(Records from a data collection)
>>>

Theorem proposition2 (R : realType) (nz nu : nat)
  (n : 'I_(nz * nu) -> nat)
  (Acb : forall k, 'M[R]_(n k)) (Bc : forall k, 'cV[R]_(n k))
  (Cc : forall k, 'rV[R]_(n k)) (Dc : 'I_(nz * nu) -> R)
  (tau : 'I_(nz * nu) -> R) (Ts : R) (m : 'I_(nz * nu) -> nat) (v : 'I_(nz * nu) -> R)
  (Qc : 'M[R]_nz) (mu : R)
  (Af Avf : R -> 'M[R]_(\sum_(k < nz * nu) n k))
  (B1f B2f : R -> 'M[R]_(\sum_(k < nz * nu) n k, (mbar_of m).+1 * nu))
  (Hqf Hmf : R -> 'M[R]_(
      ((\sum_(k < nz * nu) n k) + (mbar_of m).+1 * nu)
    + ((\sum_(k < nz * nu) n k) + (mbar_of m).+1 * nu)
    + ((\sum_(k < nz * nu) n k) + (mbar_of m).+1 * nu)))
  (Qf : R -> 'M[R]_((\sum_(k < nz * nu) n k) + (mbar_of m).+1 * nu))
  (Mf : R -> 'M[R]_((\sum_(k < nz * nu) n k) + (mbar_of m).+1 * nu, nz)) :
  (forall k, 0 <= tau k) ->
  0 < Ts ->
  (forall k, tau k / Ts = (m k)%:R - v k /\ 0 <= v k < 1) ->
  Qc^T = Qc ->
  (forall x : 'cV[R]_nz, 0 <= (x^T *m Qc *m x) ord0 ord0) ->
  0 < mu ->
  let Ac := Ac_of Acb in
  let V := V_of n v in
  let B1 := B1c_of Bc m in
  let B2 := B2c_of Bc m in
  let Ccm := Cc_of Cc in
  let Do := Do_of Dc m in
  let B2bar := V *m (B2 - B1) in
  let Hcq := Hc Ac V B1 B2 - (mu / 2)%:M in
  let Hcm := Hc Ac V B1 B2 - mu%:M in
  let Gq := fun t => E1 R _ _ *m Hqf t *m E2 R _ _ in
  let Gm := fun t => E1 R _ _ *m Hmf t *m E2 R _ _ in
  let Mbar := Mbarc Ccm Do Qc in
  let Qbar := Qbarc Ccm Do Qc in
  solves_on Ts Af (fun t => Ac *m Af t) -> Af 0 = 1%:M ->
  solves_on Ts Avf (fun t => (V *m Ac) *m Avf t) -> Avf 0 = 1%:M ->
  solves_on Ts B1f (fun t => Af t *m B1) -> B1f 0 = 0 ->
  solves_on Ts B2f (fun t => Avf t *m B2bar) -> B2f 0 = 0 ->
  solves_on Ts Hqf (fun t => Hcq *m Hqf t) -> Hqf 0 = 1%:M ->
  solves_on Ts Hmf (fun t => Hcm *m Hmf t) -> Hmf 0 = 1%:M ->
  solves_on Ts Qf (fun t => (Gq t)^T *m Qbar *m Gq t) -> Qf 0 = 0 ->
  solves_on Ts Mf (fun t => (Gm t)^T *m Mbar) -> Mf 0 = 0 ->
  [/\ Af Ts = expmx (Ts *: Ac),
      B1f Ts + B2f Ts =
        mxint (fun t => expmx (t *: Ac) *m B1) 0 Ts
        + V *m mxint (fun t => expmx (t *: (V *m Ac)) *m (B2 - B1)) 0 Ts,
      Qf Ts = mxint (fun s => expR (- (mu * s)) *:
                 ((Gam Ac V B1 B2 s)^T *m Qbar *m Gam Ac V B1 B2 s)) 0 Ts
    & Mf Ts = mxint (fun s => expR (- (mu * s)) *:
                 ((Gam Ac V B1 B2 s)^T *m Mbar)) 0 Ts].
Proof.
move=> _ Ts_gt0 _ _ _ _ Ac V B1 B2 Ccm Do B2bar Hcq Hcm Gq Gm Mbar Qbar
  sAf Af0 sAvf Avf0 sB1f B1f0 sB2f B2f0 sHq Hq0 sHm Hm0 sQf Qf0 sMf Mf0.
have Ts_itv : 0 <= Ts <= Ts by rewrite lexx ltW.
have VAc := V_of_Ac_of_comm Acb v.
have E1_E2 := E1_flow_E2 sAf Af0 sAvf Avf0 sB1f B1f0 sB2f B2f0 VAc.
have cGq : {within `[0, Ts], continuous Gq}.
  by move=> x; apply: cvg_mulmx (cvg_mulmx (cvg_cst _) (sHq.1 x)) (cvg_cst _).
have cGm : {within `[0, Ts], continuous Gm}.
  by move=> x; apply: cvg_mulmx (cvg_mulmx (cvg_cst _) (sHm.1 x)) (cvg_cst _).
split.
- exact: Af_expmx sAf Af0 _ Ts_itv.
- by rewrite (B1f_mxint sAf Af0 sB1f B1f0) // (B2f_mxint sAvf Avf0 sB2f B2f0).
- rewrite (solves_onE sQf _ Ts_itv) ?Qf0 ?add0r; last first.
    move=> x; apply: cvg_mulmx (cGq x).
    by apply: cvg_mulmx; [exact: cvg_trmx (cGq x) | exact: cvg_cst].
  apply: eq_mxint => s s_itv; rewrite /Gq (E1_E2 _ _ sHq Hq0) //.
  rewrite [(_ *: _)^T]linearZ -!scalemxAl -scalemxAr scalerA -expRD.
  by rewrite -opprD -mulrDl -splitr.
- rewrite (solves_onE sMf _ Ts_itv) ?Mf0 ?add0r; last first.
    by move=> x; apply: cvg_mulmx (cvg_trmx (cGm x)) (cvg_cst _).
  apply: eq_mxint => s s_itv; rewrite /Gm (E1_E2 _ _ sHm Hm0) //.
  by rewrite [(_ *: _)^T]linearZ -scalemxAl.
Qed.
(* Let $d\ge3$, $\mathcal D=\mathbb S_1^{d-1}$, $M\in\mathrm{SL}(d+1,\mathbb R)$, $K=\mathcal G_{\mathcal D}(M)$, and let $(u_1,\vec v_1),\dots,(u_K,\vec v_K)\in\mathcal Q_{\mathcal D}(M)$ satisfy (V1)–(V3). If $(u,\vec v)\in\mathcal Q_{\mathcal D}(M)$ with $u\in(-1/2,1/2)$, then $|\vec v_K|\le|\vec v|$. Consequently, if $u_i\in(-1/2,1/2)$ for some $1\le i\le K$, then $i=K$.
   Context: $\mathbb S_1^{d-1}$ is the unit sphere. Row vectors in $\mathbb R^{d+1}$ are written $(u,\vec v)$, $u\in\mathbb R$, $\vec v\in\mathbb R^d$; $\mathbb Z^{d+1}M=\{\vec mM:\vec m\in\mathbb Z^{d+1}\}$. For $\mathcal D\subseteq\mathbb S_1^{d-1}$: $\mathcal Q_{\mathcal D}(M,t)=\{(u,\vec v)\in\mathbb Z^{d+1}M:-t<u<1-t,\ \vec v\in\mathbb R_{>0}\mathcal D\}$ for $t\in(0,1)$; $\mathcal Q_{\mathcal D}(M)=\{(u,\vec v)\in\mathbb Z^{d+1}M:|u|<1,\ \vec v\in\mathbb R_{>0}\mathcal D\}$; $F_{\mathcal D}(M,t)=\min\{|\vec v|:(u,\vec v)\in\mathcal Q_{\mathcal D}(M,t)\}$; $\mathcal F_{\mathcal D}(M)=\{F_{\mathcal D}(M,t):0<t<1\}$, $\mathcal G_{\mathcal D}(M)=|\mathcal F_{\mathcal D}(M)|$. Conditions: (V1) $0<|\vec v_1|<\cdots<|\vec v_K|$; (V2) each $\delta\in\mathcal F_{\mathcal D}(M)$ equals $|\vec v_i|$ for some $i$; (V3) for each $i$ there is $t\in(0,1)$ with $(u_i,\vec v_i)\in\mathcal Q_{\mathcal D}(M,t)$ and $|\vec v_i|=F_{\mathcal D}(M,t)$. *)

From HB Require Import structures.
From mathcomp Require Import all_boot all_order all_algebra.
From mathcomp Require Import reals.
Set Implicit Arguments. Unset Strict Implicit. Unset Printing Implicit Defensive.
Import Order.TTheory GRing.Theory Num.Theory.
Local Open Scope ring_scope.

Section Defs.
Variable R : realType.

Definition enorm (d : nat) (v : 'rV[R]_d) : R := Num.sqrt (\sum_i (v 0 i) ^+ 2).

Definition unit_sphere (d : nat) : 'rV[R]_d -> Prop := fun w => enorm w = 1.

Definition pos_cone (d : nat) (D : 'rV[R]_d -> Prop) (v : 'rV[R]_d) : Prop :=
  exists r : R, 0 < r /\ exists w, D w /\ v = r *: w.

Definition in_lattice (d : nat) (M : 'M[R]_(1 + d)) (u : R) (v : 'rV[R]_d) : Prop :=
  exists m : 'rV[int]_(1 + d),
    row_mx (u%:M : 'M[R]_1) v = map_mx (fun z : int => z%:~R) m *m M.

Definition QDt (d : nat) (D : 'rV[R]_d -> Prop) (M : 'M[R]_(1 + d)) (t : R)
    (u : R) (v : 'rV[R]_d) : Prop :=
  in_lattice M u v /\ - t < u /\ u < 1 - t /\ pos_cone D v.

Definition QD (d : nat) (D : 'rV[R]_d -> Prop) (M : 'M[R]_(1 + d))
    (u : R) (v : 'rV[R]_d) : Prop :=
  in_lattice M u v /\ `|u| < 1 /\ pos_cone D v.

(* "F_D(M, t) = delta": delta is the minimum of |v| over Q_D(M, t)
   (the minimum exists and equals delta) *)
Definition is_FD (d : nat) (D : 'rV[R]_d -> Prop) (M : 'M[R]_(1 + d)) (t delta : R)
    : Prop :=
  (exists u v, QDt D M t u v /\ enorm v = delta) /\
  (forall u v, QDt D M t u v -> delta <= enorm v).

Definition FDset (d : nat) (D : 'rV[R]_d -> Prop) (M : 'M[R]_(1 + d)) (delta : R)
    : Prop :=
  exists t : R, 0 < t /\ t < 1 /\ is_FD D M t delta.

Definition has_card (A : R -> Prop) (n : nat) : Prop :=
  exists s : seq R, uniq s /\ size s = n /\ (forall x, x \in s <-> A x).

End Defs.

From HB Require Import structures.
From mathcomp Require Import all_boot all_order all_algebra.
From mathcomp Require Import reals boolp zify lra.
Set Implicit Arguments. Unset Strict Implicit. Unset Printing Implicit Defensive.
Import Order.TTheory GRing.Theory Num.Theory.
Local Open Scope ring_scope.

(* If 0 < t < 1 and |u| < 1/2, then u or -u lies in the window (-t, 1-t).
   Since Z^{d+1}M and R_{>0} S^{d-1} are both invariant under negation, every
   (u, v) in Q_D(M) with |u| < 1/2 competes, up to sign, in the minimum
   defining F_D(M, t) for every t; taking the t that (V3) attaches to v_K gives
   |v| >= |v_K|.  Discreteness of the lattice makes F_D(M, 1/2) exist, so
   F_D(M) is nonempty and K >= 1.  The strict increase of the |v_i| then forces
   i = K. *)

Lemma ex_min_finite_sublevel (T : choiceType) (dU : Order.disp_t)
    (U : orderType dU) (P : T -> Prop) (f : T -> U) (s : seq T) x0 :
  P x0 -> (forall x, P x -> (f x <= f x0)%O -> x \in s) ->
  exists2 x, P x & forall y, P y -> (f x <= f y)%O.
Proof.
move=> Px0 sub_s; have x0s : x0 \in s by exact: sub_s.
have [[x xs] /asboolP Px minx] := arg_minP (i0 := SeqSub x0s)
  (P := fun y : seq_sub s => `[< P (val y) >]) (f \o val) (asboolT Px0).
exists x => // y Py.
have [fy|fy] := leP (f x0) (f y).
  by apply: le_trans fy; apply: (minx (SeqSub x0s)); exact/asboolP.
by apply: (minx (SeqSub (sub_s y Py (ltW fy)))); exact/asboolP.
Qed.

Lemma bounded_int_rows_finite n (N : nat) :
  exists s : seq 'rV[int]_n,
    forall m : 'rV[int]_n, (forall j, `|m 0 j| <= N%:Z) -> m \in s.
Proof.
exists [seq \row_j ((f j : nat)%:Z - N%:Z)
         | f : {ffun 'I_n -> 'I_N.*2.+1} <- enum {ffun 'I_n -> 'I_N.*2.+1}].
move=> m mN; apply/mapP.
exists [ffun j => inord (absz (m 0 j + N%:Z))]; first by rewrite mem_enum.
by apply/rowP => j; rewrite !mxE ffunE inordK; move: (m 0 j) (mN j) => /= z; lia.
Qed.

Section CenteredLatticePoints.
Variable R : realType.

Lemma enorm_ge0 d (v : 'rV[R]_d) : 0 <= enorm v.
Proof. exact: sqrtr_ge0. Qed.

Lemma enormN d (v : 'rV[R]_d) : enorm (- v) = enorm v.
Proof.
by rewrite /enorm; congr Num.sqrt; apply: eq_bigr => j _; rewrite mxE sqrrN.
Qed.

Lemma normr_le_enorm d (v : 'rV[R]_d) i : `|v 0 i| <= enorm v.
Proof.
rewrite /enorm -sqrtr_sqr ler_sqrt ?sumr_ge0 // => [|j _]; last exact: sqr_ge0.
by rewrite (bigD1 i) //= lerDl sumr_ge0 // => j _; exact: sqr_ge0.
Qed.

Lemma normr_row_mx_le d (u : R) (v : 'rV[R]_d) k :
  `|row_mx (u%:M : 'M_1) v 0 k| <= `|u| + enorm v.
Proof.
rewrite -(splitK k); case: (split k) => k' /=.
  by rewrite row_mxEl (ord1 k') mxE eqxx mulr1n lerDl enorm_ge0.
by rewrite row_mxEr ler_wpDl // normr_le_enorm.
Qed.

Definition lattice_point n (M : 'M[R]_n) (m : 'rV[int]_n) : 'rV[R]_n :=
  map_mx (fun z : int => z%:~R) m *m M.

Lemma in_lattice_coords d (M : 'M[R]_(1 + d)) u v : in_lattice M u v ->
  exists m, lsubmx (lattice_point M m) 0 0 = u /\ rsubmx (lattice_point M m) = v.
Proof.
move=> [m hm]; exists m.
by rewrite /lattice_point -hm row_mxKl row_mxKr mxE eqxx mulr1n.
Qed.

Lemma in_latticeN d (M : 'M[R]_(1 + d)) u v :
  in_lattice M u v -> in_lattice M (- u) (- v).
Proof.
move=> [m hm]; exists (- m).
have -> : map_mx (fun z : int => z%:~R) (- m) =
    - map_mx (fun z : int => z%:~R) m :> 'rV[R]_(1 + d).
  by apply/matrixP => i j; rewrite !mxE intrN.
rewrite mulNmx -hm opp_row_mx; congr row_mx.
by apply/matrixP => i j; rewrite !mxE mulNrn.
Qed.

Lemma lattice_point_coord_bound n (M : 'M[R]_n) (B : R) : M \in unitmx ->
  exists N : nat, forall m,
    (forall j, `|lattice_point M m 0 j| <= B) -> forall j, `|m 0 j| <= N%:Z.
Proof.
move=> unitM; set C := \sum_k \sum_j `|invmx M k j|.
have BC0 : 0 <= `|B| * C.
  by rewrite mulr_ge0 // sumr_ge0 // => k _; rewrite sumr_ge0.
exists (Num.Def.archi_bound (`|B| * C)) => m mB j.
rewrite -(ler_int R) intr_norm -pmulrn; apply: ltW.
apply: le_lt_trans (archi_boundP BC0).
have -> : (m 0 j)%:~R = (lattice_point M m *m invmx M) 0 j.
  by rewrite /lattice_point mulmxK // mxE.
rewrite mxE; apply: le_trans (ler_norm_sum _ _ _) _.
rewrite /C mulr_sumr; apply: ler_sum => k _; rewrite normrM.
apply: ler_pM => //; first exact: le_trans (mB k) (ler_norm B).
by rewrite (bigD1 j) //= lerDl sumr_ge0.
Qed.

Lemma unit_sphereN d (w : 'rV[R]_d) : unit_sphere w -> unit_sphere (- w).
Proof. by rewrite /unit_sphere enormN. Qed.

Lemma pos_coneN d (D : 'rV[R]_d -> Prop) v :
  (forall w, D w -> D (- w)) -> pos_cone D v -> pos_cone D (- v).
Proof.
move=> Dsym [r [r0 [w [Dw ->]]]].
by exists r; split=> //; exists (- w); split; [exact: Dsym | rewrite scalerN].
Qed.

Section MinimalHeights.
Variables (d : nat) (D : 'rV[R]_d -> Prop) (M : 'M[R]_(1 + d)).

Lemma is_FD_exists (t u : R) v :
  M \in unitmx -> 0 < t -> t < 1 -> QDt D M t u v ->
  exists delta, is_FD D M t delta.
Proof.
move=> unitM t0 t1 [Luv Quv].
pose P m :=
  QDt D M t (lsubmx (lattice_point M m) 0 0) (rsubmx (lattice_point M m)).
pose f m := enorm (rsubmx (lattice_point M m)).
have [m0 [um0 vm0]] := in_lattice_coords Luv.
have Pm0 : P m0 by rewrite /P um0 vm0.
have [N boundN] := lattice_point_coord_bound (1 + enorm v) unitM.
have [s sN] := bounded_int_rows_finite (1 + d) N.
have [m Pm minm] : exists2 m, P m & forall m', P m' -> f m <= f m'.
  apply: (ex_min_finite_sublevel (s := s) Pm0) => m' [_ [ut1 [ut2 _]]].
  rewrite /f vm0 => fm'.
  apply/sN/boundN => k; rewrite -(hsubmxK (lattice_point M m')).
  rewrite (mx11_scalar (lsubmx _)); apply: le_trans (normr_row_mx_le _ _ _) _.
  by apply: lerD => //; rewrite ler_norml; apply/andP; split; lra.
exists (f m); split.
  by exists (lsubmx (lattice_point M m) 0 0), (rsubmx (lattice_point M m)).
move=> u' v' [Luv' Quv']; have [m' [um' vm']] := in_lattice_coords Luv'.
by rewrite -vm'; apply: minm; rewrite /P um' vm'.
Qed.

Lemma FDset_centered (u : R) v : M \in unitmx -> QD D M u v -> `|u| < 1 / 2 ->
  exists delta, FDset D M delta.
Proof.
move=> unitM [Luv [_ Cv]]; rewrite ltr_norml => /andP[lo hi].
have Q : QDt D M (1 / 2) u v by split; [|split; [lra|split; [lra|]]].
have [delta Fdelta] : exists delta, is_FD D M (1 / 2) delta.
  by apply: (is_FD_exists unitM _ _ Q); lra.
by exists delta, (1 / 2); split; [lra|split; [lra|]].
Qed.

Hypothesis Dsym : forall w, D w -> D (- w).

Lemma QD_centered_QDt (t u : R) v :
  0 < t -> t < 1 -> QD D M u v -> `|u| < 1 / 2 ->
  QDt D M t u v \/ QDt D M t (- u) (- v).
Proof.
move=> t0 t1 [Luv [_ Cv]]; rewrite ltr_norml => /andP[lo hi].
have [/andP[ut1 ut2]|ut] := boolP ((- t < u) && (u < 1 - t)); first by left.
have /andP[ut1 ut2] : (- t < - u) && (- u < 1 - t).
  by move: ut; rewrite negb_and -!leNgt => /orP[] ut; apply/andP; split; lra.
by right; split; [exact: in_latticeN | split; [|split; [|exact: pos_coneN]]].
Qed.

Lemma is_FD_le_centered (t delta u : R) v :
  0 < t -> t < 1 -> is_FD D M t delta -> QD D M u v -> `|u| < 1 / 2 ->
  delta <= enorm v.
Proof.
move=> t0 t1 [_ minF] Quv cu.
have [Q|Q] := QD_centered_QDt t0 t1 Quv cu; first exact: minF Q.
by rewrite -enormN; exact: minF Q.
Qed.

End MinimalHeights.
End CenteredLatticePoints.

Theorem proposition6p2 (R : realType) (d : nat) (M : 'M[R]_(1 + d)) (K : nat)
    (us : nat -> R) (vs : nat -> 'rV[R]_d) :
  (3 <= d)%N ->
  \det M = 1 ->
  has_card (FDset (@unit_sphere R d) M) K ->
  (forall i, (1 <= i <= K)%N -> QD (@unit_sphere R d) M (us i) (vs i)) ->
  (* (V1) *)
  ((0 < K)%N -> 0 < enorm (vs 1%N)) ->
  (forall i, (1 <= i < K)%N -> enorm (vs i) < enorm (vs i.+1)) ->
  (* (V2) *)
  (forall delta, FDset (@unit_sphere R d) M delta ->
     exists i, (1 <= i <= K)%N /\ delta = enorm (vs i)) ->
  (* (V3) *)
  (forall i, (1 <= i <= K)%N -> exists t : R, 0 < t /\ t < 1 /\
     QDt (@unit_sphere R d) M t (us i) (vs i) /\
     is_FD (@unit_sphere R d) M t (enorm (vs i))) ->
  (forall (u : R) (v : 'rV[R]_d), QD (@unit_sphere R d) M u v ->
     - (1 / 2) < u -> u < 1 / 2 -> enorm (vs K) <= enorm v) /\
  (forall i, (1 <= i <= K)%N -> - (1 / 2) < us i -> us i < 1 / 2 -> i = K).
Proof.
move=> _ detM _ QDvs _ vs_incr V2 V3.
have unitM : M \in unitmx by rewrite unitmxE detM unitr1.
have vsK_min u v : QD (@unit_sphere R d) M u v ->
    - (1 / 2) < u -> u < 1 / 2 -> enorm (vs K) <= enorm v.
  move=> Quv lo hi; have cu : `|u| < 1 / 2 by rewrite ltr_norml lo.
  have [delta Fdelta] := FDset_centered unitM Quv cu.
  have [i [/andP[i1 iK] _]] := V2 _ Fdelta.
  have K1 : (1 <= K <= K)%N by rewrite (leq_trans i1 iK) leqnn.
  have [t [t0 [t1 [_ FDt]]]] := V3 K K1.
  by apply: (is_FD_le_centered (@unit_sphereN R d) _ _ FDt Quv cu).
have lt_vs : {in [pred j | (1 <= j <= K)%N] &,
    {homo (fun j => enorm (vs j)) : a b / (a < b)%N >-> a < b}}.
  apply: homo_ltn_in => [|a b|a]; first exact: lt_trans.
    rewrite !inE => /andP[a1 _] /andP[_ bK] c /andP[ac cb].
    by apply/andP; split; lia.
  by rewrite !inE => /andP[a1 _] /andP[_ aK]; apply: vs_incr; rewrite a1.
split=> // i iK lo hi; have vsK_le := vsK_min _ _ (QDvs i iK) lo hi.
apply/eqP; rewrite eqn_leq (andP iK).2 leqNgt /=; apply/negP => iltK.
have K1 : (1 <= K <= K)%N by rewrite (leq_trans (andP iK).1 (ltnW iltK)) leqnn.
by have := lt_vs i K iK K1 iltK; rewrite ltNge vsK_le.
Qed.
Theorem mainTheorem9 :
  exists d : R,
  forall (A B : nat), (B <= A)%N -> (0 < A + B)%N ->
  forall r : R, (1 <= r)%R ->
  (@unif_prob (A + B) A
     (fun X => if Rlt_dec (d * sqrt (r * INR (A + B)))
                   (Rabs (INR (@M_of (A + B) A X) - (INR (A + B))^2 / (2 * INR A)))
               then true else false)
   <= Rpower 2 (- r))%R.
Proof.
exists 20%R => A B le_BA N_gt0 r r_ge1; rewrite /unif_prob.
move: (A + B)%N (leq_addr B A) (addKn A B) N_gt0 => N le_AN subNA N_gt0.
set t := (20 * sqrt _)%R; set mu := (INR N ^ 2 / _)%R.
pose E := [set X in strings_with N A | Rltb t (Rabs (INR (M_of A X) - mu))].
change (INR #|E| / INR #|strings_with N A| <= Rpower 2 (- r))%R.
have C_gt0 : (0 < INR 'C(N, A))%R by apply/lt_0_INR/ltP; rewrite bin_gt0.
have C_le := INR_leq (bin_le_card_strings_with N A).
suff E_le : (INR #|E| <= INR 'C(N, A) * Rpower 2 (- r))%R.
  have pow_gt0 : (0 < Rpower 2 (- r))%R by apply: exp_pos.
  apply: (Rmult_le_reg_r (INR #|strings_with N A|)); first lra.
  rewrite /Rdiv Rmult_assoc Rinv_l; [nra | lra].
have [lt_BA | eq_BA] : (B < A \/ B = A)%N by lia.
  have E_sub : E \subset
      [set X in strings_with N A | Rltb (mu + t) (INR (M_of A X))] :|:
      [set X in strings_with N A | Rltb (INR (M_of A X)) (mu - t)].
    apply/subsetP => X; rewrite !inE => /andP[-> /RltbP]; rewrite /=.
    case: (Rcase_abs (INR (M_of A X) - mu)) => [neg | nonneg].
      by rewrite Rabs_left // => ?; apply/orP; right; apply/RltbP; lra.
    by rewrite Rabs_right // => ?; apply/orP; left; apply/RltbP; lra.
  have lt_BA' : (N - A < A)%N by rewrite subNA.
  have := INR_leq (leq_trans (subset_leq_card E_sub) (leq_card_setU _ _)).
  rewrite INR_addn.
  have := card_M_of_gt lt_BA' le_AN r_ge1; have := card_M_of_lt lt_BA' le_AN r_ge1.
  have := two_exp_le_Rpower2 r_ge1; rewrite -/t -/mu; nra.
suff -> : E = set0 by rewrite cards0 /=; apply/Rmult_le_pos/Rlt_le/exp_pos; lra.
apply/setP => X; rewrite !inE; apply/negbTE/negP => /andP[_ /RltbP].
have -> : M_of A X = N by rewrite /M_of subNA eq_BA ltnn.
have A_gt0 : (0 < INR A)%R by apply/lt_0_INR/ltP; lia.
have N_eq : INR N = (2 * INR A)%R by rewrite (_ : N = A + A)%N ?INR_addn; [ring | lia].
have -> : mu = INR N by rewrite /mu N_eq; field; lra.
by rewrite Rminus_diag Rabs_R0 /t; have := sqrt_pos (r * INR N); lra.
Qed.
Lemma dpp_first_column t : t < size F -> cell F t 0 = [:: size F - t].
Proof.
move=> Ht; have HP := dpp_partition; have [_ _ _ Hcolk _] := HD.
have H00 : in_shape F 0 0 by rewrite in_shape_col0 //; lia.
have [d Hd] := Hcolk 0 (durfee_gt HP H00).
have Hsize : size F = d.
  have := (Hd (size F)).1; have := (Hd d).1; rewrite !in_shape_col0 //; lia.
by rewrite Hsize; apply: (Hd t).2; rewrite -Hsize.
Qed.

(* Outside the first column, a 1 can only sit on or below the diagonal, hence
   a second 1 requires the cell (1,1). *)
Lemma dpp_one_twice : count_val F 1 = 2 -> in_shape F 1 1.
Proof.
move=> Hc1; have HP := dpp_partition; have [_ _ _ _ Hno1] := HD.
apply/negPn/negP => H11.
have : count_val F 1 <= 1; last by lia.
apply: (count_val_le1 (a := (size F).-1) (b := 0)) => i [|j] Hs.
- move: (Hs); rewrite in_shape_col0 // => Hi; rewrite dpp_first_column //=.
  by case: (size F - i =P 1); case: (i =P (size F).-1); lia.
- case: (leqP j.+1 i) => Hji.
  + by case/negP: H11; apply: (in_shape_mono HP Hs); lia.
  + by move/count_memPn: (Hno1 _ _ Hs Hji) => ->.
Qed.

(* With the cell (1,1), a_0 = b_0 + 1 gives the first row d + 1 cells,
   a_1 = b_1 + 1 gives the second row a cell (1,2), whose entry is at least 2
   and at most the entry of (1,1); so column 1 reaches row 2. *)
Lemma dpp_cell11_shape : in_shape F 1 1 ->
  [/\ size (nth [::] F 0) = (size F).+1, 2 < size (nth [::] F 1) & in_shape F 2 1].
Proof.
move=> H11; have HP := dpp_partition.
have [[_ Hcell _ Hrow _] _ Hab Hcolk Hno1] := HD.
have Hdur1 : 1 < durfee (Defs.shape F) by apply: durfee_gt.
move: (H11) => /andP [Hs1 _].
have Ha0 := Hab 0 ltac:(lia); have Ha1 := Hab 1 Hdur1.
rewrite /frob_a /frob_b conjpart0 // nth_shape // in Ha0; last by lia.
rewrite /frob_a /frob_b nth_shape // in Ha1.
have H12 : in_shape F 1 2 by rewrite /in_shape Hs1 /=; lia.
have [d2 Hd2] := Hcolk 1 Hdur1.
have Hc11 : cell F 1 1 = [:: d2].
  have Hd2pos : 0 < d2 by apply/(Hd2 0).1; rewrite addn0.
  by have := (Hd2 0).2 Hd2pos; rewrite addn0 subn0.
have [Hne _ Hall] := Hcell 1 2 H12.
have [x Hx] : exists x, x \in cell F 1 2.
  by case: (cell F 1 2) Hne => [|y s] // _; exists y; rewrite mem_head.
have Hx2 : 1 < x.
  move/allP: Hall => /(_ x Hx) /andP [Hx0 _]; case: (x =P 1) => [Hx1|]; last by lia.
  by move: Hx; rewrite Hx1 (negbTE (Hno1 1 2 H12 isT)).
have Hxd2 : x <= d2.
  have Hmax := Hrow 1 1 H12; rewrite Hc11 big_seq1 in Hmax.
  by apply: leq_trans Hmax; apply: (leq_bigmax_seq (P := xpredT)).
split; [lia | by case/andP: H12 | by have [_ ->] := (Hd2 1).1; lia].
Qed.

<<<

TASK: Output consists of exactly the lines from the one containing "have [Hne _ Hall] := Hcell 1 2 H12." to the end of the records above, retyped without change and with nothing extra.

TASK RESPONSE:
have [Hne _ Hall] := Hcell 1 2 H12.
have [x Hx] : exists x, x \in cell F 1 2.
  by case: (cell F 1 2) Hne => [|y s] // _; exists y; rewrite mem_head.
have Hx2 : 1 < x.
  move/allP: Hall => /(_ x Hx) /andP [Hx0 _]; case: (x =P 1) => [Hx1|]; last by lia.
  by move: Hx; rewrite Hx1 (negbTE (Hno1 1 2 H12 isT)).
have Hxd2 : x <= d2.
  have Hmax := Hrow 1 1 H12; rewrite Hc11 big_seq1 in Hmax.
  by apply: leq_trans Hmax; apply: (leq_bigmax_seq (P := xpredT)).
split; [lia | by case/andP: H12 | by have [_ ->] := (Hd2 1).1; lia].
Qed.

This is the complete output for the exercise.